⟨

Lemma oval_image_iff x y :
  (exists t, oval_x t = x /\ oval_y t = y) <-> curve a b x y /\ 0 < x.
Proof.
  split.
  - intros [t [<- <-]]; split; [apply oval_on_curve | apply oval_x_pos].
  - intros [h hx]; exact (curve_oval_param _ _ h hx).
Qed.

Lemma oval_curve_pos : oval (fun x y => curve a b x y /\ 0 < x).
Proof.
  exists oval_x, oval_y; split; [exact oval_continuous |].
  split; [exact oval_periodic | split; [exact oval_param_inj |]].
  intros x y; symmetry; apply oval_image_iff.
Qed.

End Oval.

Lemma oval_opp (C : R -> R -> Prop) : oval C -> oval (fun x y => C (- x) (- y)).
Proof.
  intros [fx [fy [Hcont [Hper [Hinj Himg]]]]].
  exists (fun t => - fx t), (fun t => - fy t); split; [| split; [| split]].
  - intros t; destruct (Hcont t); split; apply continuity_pt_opp; assumption.
  - intros t; destruct (Hper t) as [-> ->]; split; reflexivity.
  - intros s t hs ht ex ey; apply Hinj; lra.
  - intros x y; rewrite Himg; split; intros [t [ex ey]]; exists t; lra.
Qed.

Theorem lemma5 (a b : R) (ha : 0 < a) (hb : 0 < b) :
  ((exists p : R * R, period2 b a p) <-> 0 < a * b < 1 / 16) /\
  (0 < a * b < 1 / 16 ->
     (forall x y : R, period2 b a (x, y) <-> V b a x y = - (a * b)) /\
     exists C1 C2 : R -> R -> Prop,
       oval C1 /\ oval C2 /\
       (forall x y, ~ (C1 x y /\ C2 x y)) /\
       (forall x y, V b a x y = - (a * b) <-> C1 x y \/ C2 x y)).
Proof.
  assert (hab0 : 0 < a * b) by (apply Rmult_lt_0_compat; assumption).
  split; [split |].
  - intros [[x y] Hp]; apply period2_iff in Hp as [h Hnf]; [| exact ha | exact hb].
    exact (conj hab0 (curve_ab_lt _ _ _ _ ha hb h Hnf)).
  - intros [_ hab]; exists (oval_x a b 0, oval_y a b 0).
    apply period2_iff_curve; [exact ha | exact hb | lra | exact (oval_on_curve _ _ ha hb hab 0)].
  - intros [_ hab]; split.
    + intros x y; rewrite V_level_iff_curve; apply period2_iff_curve; lra.
    + pose proof (oval_curve_pos _ _ ha hb hab) as Hoval.
      exists (fun x y => curve a b x y /\ 0 < x),
             (fun x y => curve a b (- x) (- y) /\ 0 < - x).
      split; [exact Hoval | split; [exact (oval_opp _ Hoval) | split]].
      * intros x y [[_ hx] [_ hx']]; lra.
      * intros x y; rewrite V_level_iff_curve, curve_opp; split; [| tauto].
        intros h; assert (hxy := curve_xy_pos _ _ _ _ ha hb h).
        assert (hx : x <> 0) by (intros ->; lra).
        destruct (Rtotal_order x 0) as [hneg | [? | hpos]]; [right | contradiction | left];
          split; (assumption || lra).
Qed.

⟩

* Work item *
Beginning with the line that contains "assert (hx : x", output each line of the listing above through the last one, exactly and with nothing added.

* Solution *
        assert (hx : x <> 0) by (intros ->; lra).
        destruct (Rtotal_order x 0) as [hneg | [? | hpos]]; [right | contradiction | left];
          split; (assumption || lra).
Qed.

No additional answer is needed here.